YOUR ASSIGNMENT = Scan the records below and copy every line that contains the string "Require".

RECORDS SUPPLIED =
· · ·
(* Let $n\in\mathbb Z_{>0}$ and let $B$ be a (closed, filled) convex $n$-sided polygon in $D$ with vertices $A_1,\ldots,A_n$ in counterclockwise order; set $A_{n+1}=A_1$. For $1\leq i\leq n$ let $u_i,v_i\in S^1$ be the intersections of the line $A_iA_{i+1}$ with $S^1$, with $u_i$ closer to $A_i$ than to $A_{i+1}$; set $u_{n+1}=u_1$. Then for $1\leq i\leq n$: (1) if $v\in arc[u_i,u_{i+1})$, then $\psi_B(v)=\psi_{A_{i+1}}(v)$; (2) if $v\in arc(u_i,u_{i+1})$, then $\psi_B'(v)=\dfrac{|A_{i+1}\psi_{A_{i+1}}(v)|}{|vA_{i+1}|}$; (3) $\psi_{B+}'(u_i)=\dfrac{|A_{i+1}\psi_{A_{i+1}}(u_i)|}{|u_iA_{i+1}|}$ and $\psi_{B-}'(u_i)=\dfrac{|A_i\psi_{A_i}(u_i)|}{|u_iA_i|}$.
   Context: $D$ is the open unit disk in $\mathbb R^2$, $S^1$ its boundary circle identified with $\mathbb R/\mathbb Z$ via the counterclockwise normalized angle, $\pi:\mathbb R\to S^1$ the projection. For a closed convex $U\subset D$ and $v\in S^1$, $\psi_U(v)$ is the point $w\in S^1\setminus\{v\}$ such that the line $vw$ meets $U$ and $U$ lies in the closed half-plane to the left of the directed line from $v$ to $w$; for a point $P\in D$, $\psi_P(v)$ is the second intersection point of the line $vP$ with $S^1$. For a homeomorphism $g$ of $S^1$ with lift $\overline g$ ($\overline g(0)\in[0,1)$) and $x\in S^1$, $g'(x)$, $g'_+(x)$, $g'_-(x)$ denote $\overline g'(u)$, the right derivative $\overline g'_+(u)$, the left derivative $\overline g'_-(u)$ for $u\in\pi^{-1}(x)$. $|XY|$ is Euclidean distance. For $w_1,w_2\in S^1$, $arc[w_1,w_2)$ is the counterclockwise arc from $w_1$ to $w_2$ including $w_1$ and excluding $w_2$; $arc(w_1,w_2)$ excludes both endpoints. *)

From Stdlib Require Import Reals Lra ClassicalEpsilon.
From Coquelicot Require Import Coquelicot.
Open Scope R_scope.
· · ·
ANSWER TO THE PROBLEM =
From Stdlib Require Import Reals Lra ClassicalEpsilon.
From Coquelicot Require Import Coquelicot.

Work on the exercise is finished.